Porous Na2Fe(SO4)2/C: high pseudocapacitive contribution for accelerated sodium storage kinetics

Abstract

To meet the urgent requirement for sustainable energy storage technologies, incorporating effective waste management into the design of energy storage materials can achieve a closed-loop supply chain from waste to energy. Herein, extrinsic pseudocapacitive (PDC) cathode materials with different carbon contents were synthesized using FeSO₄·7H₂O waste through a simple ball milling and annealing process, which enhances sodium storage kinetics and achieves waste recycling.
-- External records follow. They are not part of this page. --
(* Let $t\geq 1$ and let $C=\{a_1,\ldots,a_m\}$ be a fan grounded by a curve $\gamma=\gamma_1\cup\cdots\cup\gamma_m$. If each $a_i$ intersects $\gamma$ in at most $t$ points, then there is a subfan $C'=\{a_{i_1},\ldots,a_{i_r}\}\subseteq C$ with $i_1<\cdots<i_r$ and $r=\lfloor\log_{t+1}m\rfloor$ that is grounded by a subcurve $\gamma'=\gamma'_1\cup\cdots\cup\gamma'_r\subseteq\gamma$ such that (1) $\gamma'_j\supseteq\gamma_{i_j}$ for $1\leq j\leq r$, and (2) $a_{i_j}$ intersects $\gamma'$ only within $\gamma'_1\cup\cdots\cup\gamma'_j$ for $1\leq j\leq r$.
   Context: All curves are simple; no two curves are tangent (a shared interior point is a proper crossing). A fan with apex $v$ is a collection of curves with common endpoint $v$. Let $\gamma$ be a curve with endpoints $p,q$, partitioned into subcurves $\gamma_1,\ldots,\gamma_m$ appearing in this order along $\gamma$ from $p$ to $q$ (consecutive pieces sharing an endpoint). A fan $C=\{a_1,\ldots,a_m\}$ with apex $v$ is grounded by $\gamma_1\cup\cdots\cup\gamma_m$ if $v\notin\gamma$ and each $a_i$ has its other endpoint on $\gamma_i$. It is well-grounded by $\gamma_1\cup\cdots\cup\gamma_m$ if in addition each $a_i$ intersects $\gamma$ only within $\gamma_i$. *)

From Stdlib Require Import Reals List.
Open Scope R_scope.

Definition point := (R * R)%type.

Definition continuous_on01 (f : R -> point) : Prop :=
  forall x, 0 <= x <= 1 -> forall eps, eps > 0 ->
    exists delta, delta > 0 /\
      forall y, 0 <= y <= 1 -> Rabs (y - x) < delta ->
        Rabs (fst (f y) - fst (f x)) < eps /\ Rabs (snd (f y) - snd (f x)) < eps.

Definition simple_curve (f : R -> point) : Prop :=
  continuous_on01 f /\
  (forall x y, 0 <= x <= 1 -> 0 <= y <= 1 -> f x = f y -> x = y).

Definition on_arc (f : R -> point) (u w : R) (p : point) : Prop :=
  exists tau, u <= tau <= w /\ f tau = p.

Definition on_curve (f : R -> point) (p : point) : Prop := on_arc f 0 1 p.

From Stdlib Require Import Reals List Lra Lia Classical.
Open Scope R_scope.

(* Write gamma_i = gamma([s(i-1), s i]).  We build the subfan
   greedily, working inside a block of consecutive pieces gamma_lo, ..., gamma_hi
   containing at least (t+1)^r pieces.  The first chosen curve is a_lo.  Cut the
   next t*N pieces (N = (t+1)^(r-1)) into t blocks of N pieces each.  The curve
   a_lo meets gamma in at most t points, one of which is its endpoint on gamma_lo,
   so by pigeonhole some block carries no point of a_lo.  Recursing in that block
   gives r-1 further curves; the first piece gamma'_1 is stretched from the start
   of gamma_lo to the start of the free block, so a_lo meets the resulting gamma'
   only inside gamma'_1, while the recursive pieces keep their own property. *)

Lemma incr_lt (f : nat -> R) (n : nat) :
  (forall i, (1 <= i <= n)%nat -> f (i - 1)%nat < f i) ->
  forall i j, (i < j)%nat -> (j <= n)%nat -> f i < f j.
Proof.
  intros Hf i j Hij. induction Hij as [|j Hij IH]; intros Hjn.
  - specialize (Hf (S i) ltac:(lia)). replace (S i - 1)%nat with i in Hf by lia.
    exact Hf.
  - specialize (Hf (S j) ltac:(lia)). replace (S j - 1)%nat with j in Hf by lia.
    specialize (IH ltac:(lia)). lra.
Qed.

Lemma incr_le (f : nat -> R) (n : nat) :
  (forall i, (1 <= i <= n)%nat -> f (i - 1)%nat < f i) ->
  forall i j, (i <= j)%nat -> (j <= n)%nat -> f i <= f j.
Proof.
  intros Hf i j Hij Hjn. destruct (Nat.eq_dec i j) as [<-|Hne]; [lra|].
  left. apply (incr_lt f n Hf); lia.
Qed.

Lemma arc_mono (g : R -> point) (u w u' w' : R) (p : point) :
  u' <= u -> w <= w' -> on_arc g u w p -> on_arc g u' w' p.
Proof. intros Hu Hw [tau [Htau Hg]]. exists tau. split; [lra|exact Hg]. Qed.

Lemma hits_length (A : Type) (eq_dec : forall x y : A, {x = y} + {x <> y})
  (Q : nat -> A -> Prop) (n : nat) :
  (forall k k' p, (k < n)%nat -> (k' < n)%nat -> Q k p -> Q k' p -> k = k') ->
  forall l : list A, (forall k, (k < n)%nat -> exists p, In p l /\ Q k p) ->
  (n <= length l)%nat.
Proof.
  induction n as [|n IH]; intros Hdisj l Hhit; [lia|].
  destruct (Hhit n ltac:(lia)) as [p [Hpl Hp]].
  (* the families 0..n-1 avoid p, hence still meet l with p removed *)
  assert (Hrest : (n <= length (remove eq_dec p l))%nat).
  { apply IH; [intros k k' q Hk Hk'; apply Hdisj; lia|].
    intros k Hk. destruct (Hhit k ltac:(lia)) as [q [Hql Hq]].
    exists q. split; [|exact Hq]. apply in_in_remove; [|exact Hql].
    intros ->. assert (k = n) by (apply (Hdisj k n p); auto; lia). lia. }
  pose proof (remove_length_lt eq_dec l p Hpl). lia.
Qed.

Lemma point_eq_dec (p q : point) : {p = q} + {p <> q}.
Proof.
  destruct p as [x y], q as [x' y'].
  destruct (Req_dec_T x x') as [<-|Hx]; [|right; congruence].
  destruct (Req_dec_T y y') as [<-|Hy]; [left; reflexivity|right; congruence].
Qed.

Definition on_arc_oc (g : R -> point) (u w : R) (p : point) : Prop :=
  exists tau, u < tau <= w /\ g tau = p.

Section GroundedFan.

Variables (gamma : R -> point) (s : nat -> R) (a : nat -> R -> point) (t m : nat).

Hypothesis gamma_inj :
  forall x y, 0 <= x <= 1 -> 0 <= y <= 1 -> gamma x = gamma y -> x = y.
Hypothesis s_start : s 0%nat = 0.
Hypothesis s_end : s m = 1.
Hypothesis s_step : forall i, (1 <= i <= m)%nat -> s (i - 1)%nat < s i.
Hypothesis ends_grounded :
  forall i, (1 <= i <= m)%nat -> on_arc gamma (s (i - 1)%nat) (s i) (a i 1).
Hypothesis few_crossings :
  forall i, (1 <= i <= m)%nat ->
    exists l : list point, (length l <= t)%nat /\
      forall p, on_curve (a i) p -> on_curve gamma p -> In p l.

Lemma s_le (i j : nat) : (i <= j)%nat -> (j <= m)%nat -> s i <= s j.
Proof. exact (incr_le s m s_step i j). Qed.

Lemma s_range (i : nat) : (i <= m)%nat -> 0 <= s i <= 1.
Proof. intros Hi. rewrite <- s_start, <- s_end. split; apply s_le; lia. Qed.

(* Some block of N consecutive pieces among the t blocks following gamma_lo
   contains no point of a_lo: a_lo already spends one of its at most t crossings
   at its endpoint on gamma_lo, and distinct blocks have disjoint points. *)
Lemma free_block (lo N : nat) :
  (1 <= lo)%nat -> (lo + t * N <= m)%nat ->
  exists K, (K < t)%nat /\ forall p, on_curve (a lo) p ->
    ~ on_arc_oc gamma (s (lo + K * N)%nat) (s (lo + K * N + N)%nat) p.
Proof.
  intros Hlo Hfit.
  destruct (few_crossings lo ltac:(lia)) as [l [Hlen Hl]].
  destruct (ends_grounded lo ltac:(lia)) as [tau0 [Htau0 Hg0]].
  set (Q := fun K p => on_curve (a lo) p /\
              on_arc_oc gamma (s (lo + K * N)%nat) (s (lo + K * N + N)%nat) p).
  assert (block_range : forall K, (K < t)%nat ->
            0 <= s (lo + K * N)%nat /\ s (lo + K * N + N)%nat <= 1).
  { intros K HK. split; apply s_range; nia. }
  apply NNPP. intros Hnone.
  assert (Hhit : forall K, (K < t)%nat -> exists p,
            In p (remove point_eq_dec (a lo 1) l) /\ Q K p).
  { intros K HK. apply NNPP. intros Hno. apply Hnone. exists K. split; [exact HK|].
    intros p Hpa Hp. apply Hno. exists p. split; [|split; assumption].
    destruct Hp as [tau [Htau Hg]]. destruct (block_range K HK).
    apply in_in_remove.
    - (* p is not the endpoint of a_lo, which lies on gamma_lo before the block *)
      intros Heq. rewrite <- Hg0 in Heq.
      assert (0 <= s (lo - 1)%nat) by (apply s_range; lia).
      assert (s lo <= s (lo + K * N)%nat) by (apply s_le; nia).
      assert (tau = tau0) by (apply gamma_inj; [lra|lra|congruence]). lra.
    - apply Hl; [exact Hpa|]. exists tau. split; [lra|exact Hg]. }
  assert (Hdisj : forall K K' p, (K < t)%nat -> (K' < t)%nat ->
            Q K p -> Q K' p -> K = K').
  { intros K K' p HK HK' [_ [tau [Htau Hg]]] [_ [tau' [Htau' Hg']]].
    destruct (block_range K HK), (block_range K' HK').
    assert (tau = tau') by (apply gamma_inj; [lra|lra|congruence]). subst tau'.
    destruct (Nat.lt_total K K') as [Hlt|[Heq|Hlt]]; [exfalso|exact Heq|exfalso].
    - assert (s (lo + K * N + N)%nat <= s (lo + K' * N)%nat) by (apply s_le; nia). lra.
    - assert (s (lo + K' * N + N)%nat <= s (lo + K * N)%nat) by (apply s_le; nia). lra. }
  assert (Hin : In (a lo 1) l).
  { apply Hl; [exists 1; split; [lra|reflexivity]|].
    exists tau0. split; [|exact Hg0].
    assert (0 <= s (lo - 1)%nat) by (apply s_range; lia).
    assert (s lo <= 1) by (apply s_range; lia). lra. }
  pose proof (hits_length point point_eq_dec Q t Hdisj _ Hhit).
  pose proof (remove_length_lt point_eq_dec l (a lo 1) Hin). lia.
Qed.

(* The invariant of the construction inside the block of pieces lo..hi: r curves
   a_(idx 1) < ... < a_(idx r) from the block, grounded by the pieces
   gamma([u (j-1), u j]), where gamma' starts at the start of gamma_lo and ends
   inside the block, the j-th piece contains gamma_(idx j), and a_(idx j) meets
   gamma' only within its first j pieces. *)
Record nested_subfan (r lo hi : nat) (idx : nat -> nat) (u : nat -> R) : Prop := {
  ns_start : u 0%nat = s (lo - 1)%nat;
  ns_end : u r <= s hi;
  ns_idx_range : forall j, (1 <= j <= r)%nat -> (lo <= idx j <= hi)%nat;
  ns_idx_incr : forall j, (1 <= j < r)%nat -> (idx j < idx (j + 1))%nat;
  ns_breaks_incr : forall j, (1 <= j <= r)%nat -> u (j - 1)%nat < u j;
  ns_contains : forall j, (1 <= j <= r)%nat ->
    u (j - 1)%nat <= s (idx j - 1)%nat /\ s (idx j) <= u j;
  ns_prefix : forall j, (1 <= j <= r)%nat -> forall p,
    on_curve (a (idx j)) p -> on_arc gamma (u 0%nat) (u r) p ->
    on_arc gamma (u 0%nat) (u j) p
}.

Lemma extend_subfan (r lo b c hi : nat) (idx : nat -> nat) (u : nat -> R) :
  (1 <= lo)%nat -> (lo <= b < c)%nat -> (c <= hi)%nat -> (hi <= m)%nat ->
  (forall p, on_curve (a lo) p -> ~ on_arc_oc gamma (s b) (s c) p) ->
  nested_subfan r (b + 1) c idx u ->
  nested_subfan (S r) lo hi
    (fun j => match j with 0 | 1 => lo | S j' => idx j' end)%nat
    (fun j => match j with 0 => s (lo - 1)%nat | S j' => u j' end).
Proof.
  intros Hlo Hlob Hchi Hhim Hfree [Hstart Hend Hrange Hincr Hbreaks Hcont Hprefix].
  replace (b + 1 - 1)%nat with b in Hstart by lia.
  assert (u_le : forall i j, (i <= j)%nat -> (j <= r)%nat -> u i <= u j)
    by exact (incr_le u r Hbreaks).
  split.
  - reflexivity.
  - assert (s c <= s hi) by (apply s_le; lia). simpl. lra.
  - intros [|[|j]] Hj; [lia|lia|]. specialize (Hrange (S j) ltac:(lia)). lia.
  - intros [|[|j]] Hj; [lia| |].
    + specialize (Hrange 1%nat ltac:(lia)). simpl. lia.
    + specialize (Hincr (S j) ltac:(lia)).
      replace (S (S j) + 1)%nat with (S (S (j + 1))) by lia.
      replace (S j + 1)%nat with (S (j + 1)) in Hincr by lia. exact Hincr.
  - intros [|[|j]] Hj; [lia| |].
    + simpl. rewrite Hstart. apply (incr_lt s m s_step); lia.
    + specialize (Hbreaks (S j) ltac:(lia)).
      replace (S j - 1)%nat with j in Hbreaks by lia.
      replace (S (S j) - 1)%nat with (S j) by lia. exact Hbreaks.
  - intros [|[|j]] Hj; [lia| |].
    + simpl. rewrite Hstart. split; [lra|apply s_le; lia].
    + specialize (Hcont (S j) ltac:(lia)).
      replace (S j - 1)%nat with j in Hcont by lia.
      replace (S (S j) - 1)%nat with (S j) by lia. exact Hcont.
  - intros [|[|j]] Hj p Hpa [tau [Htau Hg]]; [lia| |]; simpl in *.
    + (* a_lo avoids gamma((s b, u r]), so it meets gamma' within gamma'_1 *)
      destruct (Rle_dec tau (u 0%nat)) as [Hle|Hgt].
      * exists tau. split; [lra|exact Hg].
      * exfalso. apply (Hfree p Hpa). exists tau. split; [|exact Hg]. lra.
    + destruct (Rle_dec tau (u 0%nat)) as [Hle|Hgt].
      * assert (u 0%nat <= u (S j)) by (apply u_le; lia).
        exists tau. split; [lra|exact Hg].
      * assert (s (lo - 1)%nat <= u 0%nat) by (rewrite Hstart; apply s_le; lia).
        apply arc_mono with (u 0%nat) (u (S j)); [lra|lra|].
        apply (Hprefix (S j) ltac:(lia) p Hpa). exists tau. split; [lra|exact Hg].
Qed.

Lemma nested_subfan_exists (r : nat) : forall lo hi,
  (1 <= lo)%nat -> (hi <= m)%nat -> (lo + (t + 1) ^ r <= hi + 1)%nat ->
  exists idx u, nested_subfan r lo hi idx u.
Proof.
  induction r as [|r IH]; intros lo hi Hlo Hhi Hsize.
  - exists (fun _ => lo), (fun _ => s (lo - 1)%nat).
    split; intros; try lia; try reflexivity.
    apply s_le; simpl in Hsize; lia.
  - set (N := ((t + 1) ^ r)%nat) in *.
    rewrite Nat.pow_succ_r' in Hsize. fold N in Hsize.
    assert (HN : N <> 0%nat) by (apply Nat.pow_nonzero; lia).
    destruct (free_block lo N Hlo ltac:(nia)) as [K [HK Hfree]].
    destruct (IH (lo + K * N + 1)%nat (lo + K * N + N)%nat ltac:(lia) ltac:(nia)
                 ltac:(lia)) as [idx [u Hsub]].
    eexists; eexists.
    apply (extend_subfan r lo (lo + K * N) (lo + K * N + N) hi idx u);
      [lia|lia|nia|lia|exact Hfree|exact Hsub].
Qed.

End GroundedFan.

Theorem mainTheorem5
  (t m : nat) (gamma : R -> point) (s : nat -> R) (v : point)
  (a : nat -> R -> point) :
  (1 <= t)%nat ->
  (1 <= m)%nat ->
  simple_curve gamma ->
  (* gamma = gamma_1 u ... u gamma_m, gamma_i = gamma([s (i-1), s i]) *)
  s 0%nat = 0 -> s m = 1 ->
  (forall i, (1 <= i <= m)%nat -> s (i - 1)%nat < s i) ->
  (* C = {a_1,...,a_m} is a fan with apex v = a_i 0 *)
  (forall i, (1 <= i <= m)%nat -> simple_curve (a i) /\ a i 0 = v) ->
  (* grounded by gamma_1 u ... u gamma_m *)
  ~ on_curve gamma v ->
  (forall i, (1 <= i <= m)%nat -> on_arc gamma (s (i - 1)%nat) (s i) (a i 1)) ->
  (* each a_i meets gamma in at most t points *)
  (forall i, (1 <= i <= m)%nat ->
     exists l : list point, (length l <= t)%nat /\
       forall p, on_curve (a i) p -> on_curve gamma p -> In p l) ->
  (* r = floor(log_{t+1} m) *)
  forall r : nat, ((t + 1) ^ r <= m < (t + 1) ^ (r + 1))%nat ->
  exists (idx : nat -> nat) (u : nat -> R),
    (* subfan C' = {a_{idx 1}, ..., a_{idx r}}, idx 1 < ... < idx r *)
    (forall j, (1 <= j <= r)%nat -> (1 <= idx j <= m)%nat) /\
    (forall j, (1 <= j < r)%nat -> (idx j < idx (j + 1))%nat) /\
    (* gamma' = gamma([u 0, u r]) subset gamma, gamma'_j = gamma([u (j-1), u j]) *)
    0 <= u 0%nat /\ u r <= 1 /\
    (forall j, (1 <= j <= r)%nat -> u (j - 1)%nat < u j) /\
    (* C' grounded by gamma'_1 u ... u gamma'_r *)
    ~ on_arc gamma (u 0%nat) (u r) v /\
    (forall j, (1 <= j <= r)%nat ->
       on_arc gamma (u (j - 1)%nat) (u j) (a (idx j) 1)) /\
    (* (1) gamma'_j contains gamma_{i_j} *)
    (forall j, (1 <= j <= r)%nat -> forall p,
       on_arc gamma (s (idx j - 1)%nat) (s (idx j)) p ->
       on_arc gamma (u (j - 1)%nat) (u j) p) /\
    (* (2) a_{i_j} meets gamma' only within gamma'_1 u ... u gamma'_j *)
    (forall j, (1 <= j <= r)%nat -> forall p,
       on_curve (a (idx j)) p -> on_arc gamma (u 0%nat) (u r) p ->
       on_arc gamma (u 0%nat) (u j) p).
Proof.
  intros _ Hm [_ Hinj] Hs0 Hsm Hs _ Hv Hend Hl r Hr.
  destruct (nested_subfan_exists gamma s a t m Hinj Hs0 Hsm Hs Hend Hl r 1 m
              ltac:(lia) ltac:(lia) ltac:(lia))
    as [idx [u [Hstart Hfin Hrange Hincr Hbreaks Hcont Hprefix]]].
  simpl in Hstart. rewrite Hs0 in Hstart. rewrite Hsm in Hfin.
  exists idx, u.
  split; [intros j Hj; specialize (Hrange j Hj); lia|].
  split; [exact Hincr|].
  split; [lra|]. split; [lra|]. split; [exact Hbreaks|].
  split.
  { intros Hon. apply Hv. apply arc_mono with (u 0%nat) (u r); [lra|lra|exact Hon]. }
  split.
  { intros j Hj. destruct (Hcont j Hj). specialize (Hrange j Hj).
    apply arc_mono with (s (idx j - 1)%nat) (s (idx j)); [lra|lra|].
    apply Hend. lia. }
  split.
  { intros j Hj p Hp. destruct (Hcont j Hj).
    apply arc_mono with (s (idx j - 1)%nat) (s (idx j)); [lra|lra|exact Hp]. }
  exact Hprefix.
Qed.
The results indicate that NFSO particles and graphite flakes create a disordered porous structure, which enhances the PDC effect, thus overcoming the slow migration rate of sodium-ions. Specifically, the diffusion coefficient of NFSO/C-10 increased by around an order of magnitude compared to that of NFSO, increasing from 10⁻¹² to 10⁻¹¹. The discharge capacity reached 84 mA h g⁻¹ at 0.2C (1C = 91 mA g⁻¹). The present work realizes the high-value reuse of waste and highlights the crucial role of the PDC effect in enhancing diffusion dynamics, which opens up a new direction for the design and synthesis of high-rate iron-based sulfate cathode materials.